Close call for interest rates in South Africa
The South African Reserve Bank has divided opinion over whether it will cut interest rates again on Thursday or stay on hold to reinforce its commitment to its 3% inflation target.
Economists were narrowly split, with 13 in a Bloomberg survey expecting Governor Lesetja Kganyago’s monetary policy committee to keep the benchmark rate at 6.75, while 11 anticipated a 25-basis-point reduction.
Traders were also divided. Forward-rate agreements used to speculate on borrowing costs implied a 52% chance of a 25-basis-point cut.
For the year as a whole, markets priced in 57 basis points of easing, up from 50 basis points a week earlier.
Economists in a separate survey see the six-member panel split over the decision, with four expected to back a hold and two favouring a quarter-point reduction.
The decision, expected after 15h00 in Pretoria, will be the second since Finance Minister Enoch Godongwana formally endorsed the lower 3% inflation target, and comes as he prepares the annual budget, which will show whether spending increases are aligned with the new goal.
Patrick Buthelezi at Sanlam Investments expects the bank to cut.
But he said a more prudent approach might be to hold back until after the Feb. 25 budget, while also waiting for clarity on the path of administered prices and electricity tariffs.
“I would wait a bit and cut a bit later,” Buthelezi said, citing the budget and the latest inflation figures for December, which showed a slight uptick to 3.6%.
“If you want to anchor inflation at 3%, you will allow restrictive monetary policy,” he said. “They’ll be divided on this decision; I don’t know which group will win that discussion.”
Others also expect a close call between those favouring a hike and those favouring a hold.
“Maybe they want to settle expectations around the target; they’re not there yet,” said Johann Els, chief economist for PSG Financial Services, who also expects a 25 basis points reduction. Though inflation expectations have cooled to 3.7%, they remain above the new target.
But “the combination of a lower forecast, a stronger rand, lower inflation expectations; I think we can see two or three rate cuts of 25 basis points each this year,” Els said.

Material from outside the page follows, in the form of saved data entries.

(** Separating variables, [u = h(y) sin(m x)] meets the hinged conditions on [x = 0, π]
    and turns [Δ²u = -λΔu] into a fourth-order ODE for [h] whose characteristic roots
    are [±m] and [±iγ] with [λ = m² + γ²].  The even profile [cosh(m y) - A cos(γ y)]
    (resp. the odd profile [sinh(m y) - B sin(γ y)]) satisfies [h(±ℓ) = h'(±ℓ) = 0]
    exactly when [γ] solves the transcendental equation.  Clearing denominators, that
    equation changes sign between the consecutive zeros [kπ/(2ℓ)] and [(k+1)π/(2ℓ)] of
    [cos(γℓ) sin(γℓ)], and [γ tan(γℓ)], [tan(γℓ)/γ] are strictly increasing there because
    [γℓ > 1]; this gives existence and uniqueness of [γ_{k,m}].  For [k = 1] one has
    [h''' > 0] on [(0,ℓ)], so [h'] is strictly convex with [h'(0) = h'(ℓ) = 0], hence
    negative on [(0,ℓ)], and [h] decreases to [h(ℓ) = 0]. *)

From Stdlib Require Import Reals Lra Lia.
From Coquelicot Require Import Coquelicot.
Open Scope R_scope.

Lemma cosh_pos x : 0 < cosh x.
Proof. unfold cosh; pose proof (exp_pos x); pose proof (exp_pos (- x)); lra. Qed.

Lemma sinh_pos x : 0 < x -> 0 < sinh x.
Proof. intro Hx; rewrite <- sinh_0; now apply sinh_lt. Qed.

Lemma tanh_pos x : 0 < x -> 0 < tanh x.
Proof. intro Hx; unfold tanh; apply Rdiv_lt_0_compat; [apply sinh_pos | apply cosh_pos]; lra. Qed.

Lemma cosh_opp x : cosh (- x) = cosh x.
Proof. unfold cosh; rewrite Ropp_involutive; field. Qed.

Lemma sinh_opp x : sinh (- x) = - sinh x.
Proof. unfold sinh; rewrite Ropp_involutive; field. Qed.

Lemma sin_cos_neq0_quarter k t :
  INR k * (PI / 2) < t < (INR k + 1) * (PI / 2) -> sin t <> 0 /\ cos t <> 0.
Proof.
  intros [Hlo Hhi]; pose proof PI_RGT_0.
  rewrite INR_IZR_INZ in Hlo, Hhi.
  split; intro H0.
  - destruct (sin_eq_0_0 _ H0) as [z ->].
    assert (H1 : IZR (Z.of_nat k) < IZR (2 * z)) by (rewrite mult_IZR; nra).
    assert (H2 : IZR (2 * z) < IZR (Z.of_nat k + 1)) by (rewrite mult_IZR, plus_IZR; nra).
    apply lt_IZR in H1; apply lt_IZR in H2; lia.
  - destruct (cos_eq_0_0 _ H0) as [z ->].
    assert (H1 : IZR (Z.of_nat k) < IZR (2 * z + 1)) by (rewrite plus_IZR, mult_IZR; nra).
    assert (H2 : IZR (2 * z + 1) < IZR (Z.of_nat k + 1)) by (rewrite !plus_IZR, mult_IZR; nra).
    apply lt_IZR in H1; apply lt_IZR in H2; lia.
Qed.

The rand has rallied almost 8% against the dollar since the central bank’s November meeting, leaving it significantly stronger than policymakers had projected at the time.
That should help mute inflationary pressures by lowering import prices, and, as a result, the SARB is expected to lower its inflation forecast for this year.
On the other hand, potential downward revisions to medium-term inflation estimates may be partly offset by stronger growth expectations, prompting the MPC to deliver a dovish hold, BNP Paribas’ Jeffrey Schultz and Lior Kohanan wrote in a note.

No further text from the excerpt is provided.